History is replete with tales of polar explorations that devolved into ordeals of unimaginable suffering. In May 1845 Sir John Franklin, a veteran British sea captain, set sail from England with 128 crewmen on two naval vessels, HMS Erebus and HMS Terror, to find the Northwest Passage to the Pacific. Two months later, whalers encountered the ships in Baffin Bay, between Baffin Island and the west coast of Greenland. Then they disappeared. It took a decade for search parties to piece together the crew’s fate. Trapped in the Arctic ice pack and dying of scurvy, the men had abandoned the ships and marched south through the Canadian wilderness, where they perished one by one of exposure and starvation. Some turned to cannibalism.

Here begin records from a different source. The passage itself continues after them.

Theorem lemma4p8 (R : realType) (n : nat) (f : ('I_n -> R) -> ('I_n -> R))
  (f_pos : maps_pos f) (f_op : order_preserving f) (f_hom : homogeneous f)
  (f_mc : mult_convex f) (C : {set 'I_n})
  (hC : final_class f C) (huniq : forall D, final_class f D -> D = C) :
  strongly_nonnegative f <-> cw_radius (fJ0 f (~: C)) < cw_radius (fJ0 f C).
Proof.
have [[[c0 _] _] _] := hC.
have rad_subset := cw_radius_fJ0_subset f_pos f_op.
have rC_le : cw_radius (fJ0 f C) <= cw_radius f.
  by rewrite -(cw_radius_fJ0_setT f_pos f_op f_hom) rad_subset ?finset.subsetT.
split=> [[SN_final SN_nonfinal]|lt_rC].
  rewrite (SN_final C hC); apply: (cw_radius_fJ0_lt_of_scc f_pos f_op f_hom f_mc).
    exact: cw_radius_gt0 f_pos f_op f_hom c0.
  move=> i; rewrite finset.in_setC => /negP iC; apply: SN_nonfinal (scc_of_scc f i) _.
  by move=> /huniq E; apply: iC; rewrite -E scc_of_refl.
have rC : cw_radius (fJ0 f C) = cw_radius f.
  apply/le_anti; rewrite rC_le /=.
  have := cw_radius_le_max_final f_pos f_op f_hom f_mc hC.
  by rewrite le_max => /orP[//|/le_trans->//]; exact: ltW.
split=> [D /huniq -> // | D D_scc D_nonfinal].
rewrite -rC; apply: le_lt_trans (rad_subset _ _ _) lt_rC.
apply/fintype.subsetP => d dD; rewrite finset.in_setC; apply/negP => dC.
by apply: D_nonfinal; rewrite (scc_eq D_scc hC.1 dD dC).
Qed.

Three decades after Franklin’s mission, the USS Jeannette departed from San Francisco with a plan to cruise through the Bering Strait and reach the North Pole. Its captain, George Washington De Long, had fallen for a much-derided theory that the “dome of the world” was covered by warm, ice-free water. As Hampton Sides vividly described in his 2014 best seller, In the Kingdom of Ice, the Jeannette also became icebound. It remained stuck for twenty-one months before De Long and his crew set forth on a thousand-mile trek over half-frozen water to the Siberian mainland. Most of the men died.

Then there was the most extraordinary misadventure of them all: Ernest Shackleton’s 1914 attempt to traverse Antarctica on foot, the last major expedition in the age of Antarctic exploration. Shackleton’s ship, HMS Endurance, became caught, like its predecessors, in the ice pack, then was crushed and sank, leaving the crew stranded on an ice floe. After months surviving in primitive camps as the ice drifted north, the men set off in lifeboats and reached an uninhabited rock called Elephant Island. From there, Shackleton and five others embarked on an eight-hundred-mile odyssey in an open boat to South Georgia Island, where they organized a successful rescue of the remaining crew.

What is it about these stories that exerts such a hold over the imagination? The expedition leaders were in almost all cases men with enormous egos and more than a touch of hubris, and there’s a ghoulish fascination in watching them push their crews toward catastrophe. The marooned adventurers endured unfathomable suffering, ranging from extreme cold to endless nights to hideous diseases such as scurvy, a vitamin-C deficiency that rots the flesh and teeth, swells the limbs, causes excruciating pain, and if left untreated usually results in death. But they also demonstrated remarkable teamwork, courage, and ingenuity, as they struggled to stay alive in the world’s most hostile regions. Then there’s the metaphoric power of the ice itself—inimical to life, filled with hidden menace, the ultimate symbol of nature’s indifference to man.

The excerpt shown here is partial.